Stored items
..........
(* Let $k\in\mathbb{N}$. (a) Let $P\in\mathbb{C}[x]$. There exists $Q\in\mathbb{C}[x]$ such that $P,Q$ satisfy (i)–(iii) below if and only if $\deg P\le k$, $P$ has parity $(k\bmod 2)$, and (iv.a) $|P(x)|\le 1$ for all $x\in[-1,1]$; (iv.b) $|P(x)|\ge 1$ for all $x\in(-\infty,-1]\cup[1,\infty)$; (iv.c) if $k$ is even, then $P(ix)P^*(ix)\ge 1$ for all $x\in\mathbb{R}$. (b) Let $Q\in\mathbb{C}[x]$. There exists $P\in\mathbb{C}[x]$ such that $P,Q$ satisfy (i)–(iii) if and only if $\deg Q\le k-1$, $Q$ has parity $(k-1\bmod 2)$, and (v.a) $\sqrt{1-x^2}\,|Q(x)|\le 1$ for all $x\in[-1,1]$; (v.b) if $k$ is odd, then $(1+x^2)Q(ix)Q^*(ix)\ge 1$ for all $x\in\mathbb{R}$. Here the conditions are: (i) $\deg P\le k$, $\deg Q\le k-1$; (ii) $P$ has parity $(k\bmod 2)$ and $Q$ has parity $(k-1\bmod 2)$; (iii) $|P(x)|^2+(1-x^2)|Q(x)|^2=1$ for all $x\in[-1,1]$.
   Context: For $P(x)=\sum_j a_jx^j\in\mathbb{C}[x]$, $P^*(x):=\sum_j \overline{a_j}x^j$. A polynomial is even (odd) if all its odd-power (even-power) coefficients vanish; the zero polynomial is both. $P$ has parity $z\in\mathbb{Z}$ if $z$ is even and $P$ is even, or $z$ is odd and $P$ is odd. *)

(* The complex field C is modelled as an arbitrary
   numClosedFieldType (algebraically closed field with conjugation/norm). *)
From HB Require Import structures.
From mathcomp Require Import all_boot all_order all_algebra.
Set Implicit Arguments. Unset Strict Implicit. Unset Printing Implicit Defensive.
Import Order.TTheory GRing.Theory Num.Theory.
Local Open Scope ring_scope.

Definition conjp (C : numClosedFieldType) (P : {poly C}) : {poly C} :=
  map_poly Num.conj P.

Definition even_poly_p (C : numClosedFieldType) (P : {poly C}) : Prop :=
  forall j : nat, odd j -> P`_j = 0.

Definition odd_poly_p (C : numClosedFieldType) (P : {poly C}) : Prop :=
  forall j : nat, ~~ odd j -> P`_j = 0.

Definition has_parity (C : numClosedFieldType) (P : {poly C}) (z : int) : Prop :=
  if odd `|z|%N then odd_poly_p P else even_poly_p P.

Definition QSP_cond (C : numClosedFieldType) (k : nat) (P Q : {poly C}) : Prop :=
  [/\ ((size P <= k.+1)%N /\ (size Q <= k)%N),
      (has_parity P k%:Z /\ has_parity Q (k%:Z - 1)) 
    & (forall x : C, x \is Num.real -> -1 <= x <= 1 ->
        `|P.[x]| ^+ 2 + (1 - x ^+ 2) * `|Q.[x]| ^+ 2 = 1)].

From HB Require Import structures.
From mathcomp Require Import all_boot all_order all_algebra.
From mathcomp Require Import zify.
Set Implicit Arguments. Unset Strict Implicit. Unset Printing Implicit Defensive.
Import Order.TTheory GRing.Theory Num.Theory.
Local Open Scope ring_scope.

(* Write e for the parity of k, P = X^e u(X^2) and Q = X^(1-e) v(X^2).  In the
   variable y = x^2, condition (iii) becomes the polynomial identity
   y^e u u^* + (1 - y) y^(1-e) v v^* = 1.  Necessity is read off this identity at
   real points x and at imaginary points ix.  Conversely, given P, the real
   polynomial D = 1 - y^e u u^* vanishes at the roots of b = (1 - y) y^(1-e) and
   has the sign of b on the real line (this is what (iv) says), so D / b is a
   polynomial that is nonnegative on R; by the Fejer-Riesz factorization (nonreal
   roots come in conjugate pairs, real roots are double) it is v v^* for some v.
   Given Q, the same argument applies to 1 - (1 - y) y^(1-e) v v^* and b = y^e. *)

Section Conjugate.
Variable C : numClosedFieldType.
Implicit Types (p q : {poly C}) (x y z : C).

Lemma conjp_horner p x : (conjp p).[x^*] = (p.[x])^*.
Proof. exact: horner_map. Qed.

Lemma conjp_hornerR p y : y \is Num.real -> (conjp p).[y] = (p.[y])^*.
Proof. by move=> yr; rewrite -{1}(conj_Creal yr) conjp_horner. Qed.

Lemma horner_mul_conjpR p y : y \is Num.real ->
  p.[y] * (conjp p).[y] = `|p.[y]| ^+ 2.
Proof. by move=> yr; rewrite conjp_hornerR // normCK. Qed.

Lemma conjpM p q : conjp (p * q) = conjp p * conjp q.
Proof. exact: rmorphM. Qed.

Lemma conjpN p : conjp (- p) = - conjp p.
Proof. exact: rmorphN. Qed.

Lemma conjpXsubC z : conjp ('X - z%:P) = 'X - (z^*)%:P.
Proof. by rewrite /conjp rmorphB /= map_polyX map_polyC. Qed.

Lemma size_conjp p : size (conjp p) = size p.
Proof. exact: size_map_poly. Qed.

Lemma size_mul_conjp p : size (p * conjp p) = (size p).*2.-1.
Proof.
have [->|p0] := eqVneq p 0; first by rewrite mul0r size_poly0.
by rewrite size_mul ?size_conjp ?addnn // -size_poly_eq0 size_conjp size_poly_eq0.
Qed.

End Conjugate.

Section Roots.
Variable C : numClosedFieldType.
Implicit Types (p : {poly C}) (y z : C).

Lemma exists_nonroot_inj p (a : nat -> C) : p != 0 -> injective a ->
  exists n, ~~ root p (a n).
Proof.
move=> p0 a_inj; set rs := map a (iota 0 (size p)).
have rs_uniq : uniq rs by rewrite map_inj_uniq ?iota_uniq.
have [rs_roots|/allPn[_ /mapP[n _ ->] pn]] := boolP (all (root p) rs); last by exists n.
by have := max_poly_roots p0 rs_roots rs_uniq; rewrite size_map size_iota ltnn.
Qed.

Lemma inv_natS_inj : injective (fun n : nat => (n.+1%:R : C)^-1).
Proof. by move=> m n /invr_inj /eqP; rewrite eqr_nat eqSS => /eqP. Qed.

Lemma poly_eq0_unit_interval p :
  (forall y, y \is Num.real -> 0 <= y <= 1 -> p.[y] = 0) -> p = 0.
Proof.
move=> p0; apply/eqP/contraT => /exists_nonroot_inj/(_ inv_natS_inj)[n].
by rewrite rootE p0 ?eqxx ?rpredV ?realn // invr_ge0 ler0n invf_le1 ?ltr0n ?ler1n.
Qed.

Lemma exists_nonroot_near p z t0 : p != 0 -> 0 < t0 ->
  exists t, [/\ 0 < t, t <= t0 & p.[z + t] != 0].
Proof.
move=> p0 t0_gt0.
have a_inj : injective (fun n : nat => z + t0 / n.+1%:R).
  by move=> m n /addrI /(mulfI (lt0r_neq0 t0_gt0)) /inv_natS_inj.
have [n pn] := exists_nonroot_inj p0 a_inj; exists (t0 / n.+1%:R).
by rewrite divr_gt0 // ler_pdivrMr // ler_peMr ?ler1n ?ltW.
Qed.

End Roots.

Section RealPoly.
Variable C : numClosedFieldType.
Implicit Types (p b g : {poly C}) (y z t : C).

Lemma horner_norm_le p y K : `|y| <= K ->
  `|p.[y]| <= \sum_(i < size p) `|p`_i| * K ^+ i.
Proof.
move=> yK; have K0 := le_trans (normr_ge0 y) yK.
rewrite horner_coef; apply: le_trans (ler_norm_sum _ _ _) _.
by apply: ler_sum => i _; rewrite normrM normrX ler_wpM2l ?lerXn2r ?nnegrE.
Qed.

Lemma horner_cont p z c : 0 < c ->
  exists2 t0, 0 < t0 & forall t, `|t| <= t0 -> `|p.[z + t] - p.[z]| < c.
Proof.
move=> c_gt0.
have /factor_theorem[r pE] : root (p - p.[z]%:P) z by rewrite rootE !hornerE subrr.
have diffE t : p.[z + t] - p.[z] = r.[z + t] * t.
  by have := congr1 (horner^~ (z + t)) pE; rewrite !hornerE addrAC subrr add0r.
set M := \sum_(i < size r) `|r`_i| * (`|z| + 1) ^+ i.
have M0 : 0 <= M by rewrite sumr_ge0 // => i _; rewrite mulr_ge0 ?exprn_ge0 ?addr_ge0.
have d_gt0 : 0 < c + M + 1 by rewrite -addrA ltr_wpDr ?addr_ge0.
exists (c / (c + M + 1)) => [|t t_le]; first by rewrite divr_gt0.
have t_le1 : `|t| <= 1.
  by rewrite (le_trans t_le) // ler_pdivrMr // mul1r -addrA lerDl addr_ge0.
rewrite diffE normrM (@le_lt_trans _ _ (M * (c / (c + M + 1)))) //.
  by rewrite ler_pM ?horner_norm_le // (le_trans (ler_normD _ _)) ?lerD.
rewrite mulrCA -[ltRHS]mulr1 ltr_pM2l // ltr_pdivrMr // mul1r.
by rewrite -addrA addrCA ltrDl addr_gt0.
Qed.

Lemma horner_real p y : conjp p = p -> y \is Num.real -> p.[y] \is Num.real.
Proof. by move=> pE yr; rewrite CrealE -conjp_hornerR // pE. Qed.

Lemma real_poly_gt0_near p z : conjp p = p -> z \is Num.real -> 0 < p.[z] ->
  exists2 t0, 0 < t0 & forall t, t \is Num.real -> `|t| <= t0 -> 0 < p.[z + t].
Proof.
move=> pE zr pz_gt0; have [t0 t0_gt0 near] := horner_cont p z pz_gt0.
exists t0 => // t tr /near; rewrite real_ltr_norml; last first.
  by rewrite rpredB ?horner_real ?rpredD.
by rewrite ltrBrDl subrr => /andP[].
Qed.

Lemma conjp_real_off_roots b g : b != 0 ->
  (forall y, y \is Num.real -> b.[y] != 0 -> g.[y] \is Num.real) -> conjp g = g.
Proof.
move=> b0 g_real; apply/eqP; rewrite -subr_eq0; apply/eqP.
suff : b * (conjp g - g) = 0 by move/eqP; rewrite mulf_eq0 (negbTE b0) => /eqP.
apply: poly_eq0_unit_interval => y yr _; rewrite !hornerE conjp_hornerR //.
have [->|by0] := eqVneq b.[y] 0; first by rewrite mul0r.
by rewrite conj_Creal ?g_real // subrr mulr0.
Qed.

Lemma nonneg_off_roots b g : b != 0 ->
  (forall y, y \is Num.real -> b.[y] != 0 -> 0 <= g.[y]) ->
  forall y, y \is Num.real -> 0 <= g.[y].
Proof.
move=> b0 g_ge0.
have gE : conjp g = g.
  by apply: (conjp_real_off_roots b0) => y yr /(g_ge0 y yr) /ger0_real.
have NgE : conjp (- g) = - g by rewrite conjpN gE.
move=> y yr; rewrite real_leNgt ?real0 ?horner_real //.
apply/negP => gy_lt0.
have [|t0 t0_gt0 near] := real_poly_gt0_near NgE yr; first by rewrite hornerN oppr_gt0.
have [t [t_gt0 t_le by0]] := exists_nonroot_near y b0 t0_gt0.
have := near t (gtr0_real t_gt0); rewrite gtr0_norm // t_le hornerN => /(_ isT).
have ytr : y + t \is Num.real by rewrite rpredD // gtr0_real.
by rewrite oppr_gt0 real_ltNge ?real0 ?horner_real // g_ge0.
Qed.

End RealPoly.

Section FejerRiesz.
Variable C : numClosedFieldType.
Implicit Types (f q : {poly C}) (y z : C).

Lemma nonneg_real_root_double q z : z \is Num.real ->
  (forall y, y \is Num.real -> 0 <= (q * ('X - z%:P)).[y]) -> root q z.
Proof.
move=> zr f_ge0; have Xz0 : 'X - z%:P != 0 by rewrite polyXsubC_eq0.
have qE : conjp q = q.
  apply: (conjp_real_off_roots Xz0) => y yr yz.
  have -> : q.[y] = (q * ('X - z%:P)).[y] / ('X - z%:P).[y] by rewrite hornerM mulfK.
  by rewrite realM ?realV ?(ger0_real (f_ge0 y yr)) // hornerXsubC rpredB.
have qNE : conjp (- q) = - q by rewrite conjpN qE.
have f_at t : t \is Num.real -> 0 <= q.[z + t] * t.
  move=> tr; have := f_ge0 (z + t) (rpredD zr tr).
  by rewrite hornerM hornerXsubC addrAC subrr add0r.
(* Otherwise q * ('X - z) would change sign at z. *)
apply/rootP/eqP/contraT; rewrite real_neqr_lt ?real0 ?horner_real //.
case/orP=> [qz_lt0|qz_gt0].
  have [|t0 t0_gt0 near] := real_poly_gt0_near qNE zr; first by rewrite hornerN oppr_gt0.
  have := near t0 (gtr0_real t0_gt0); rewrite gtr0_norm // lexx hornerN oppr_gt0 => /(_ isT).
  have := f_at t0 (gtr0_real t0_gt0); rewrite pmulr_lge0 // => q_ge0 q_lt0.
  by have := le_lt_trans q_ge0 q_lt0; rewrite ltxx.
have [t0 t0_gt0 near] := real_poly_gt0_near qE zr qz_gt0.
have Nt0r : - t0 \is Num.real by rewrite rpredN gtr0_real.
have := near (- t0) Nt0r; rewrite normrN gtr0_norm // lexx => /(_ isT).
have := f_at (- t0) Nt0r; rewrite nmulr_lge0 ?oppr_lt0 // => q_le0 q_gt0.
by have := le_lt_trans q_le0 q_gt0; rewrite ltxx.
Qed.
..........
Among the lines above, count those containing "exact" and give only that count.

4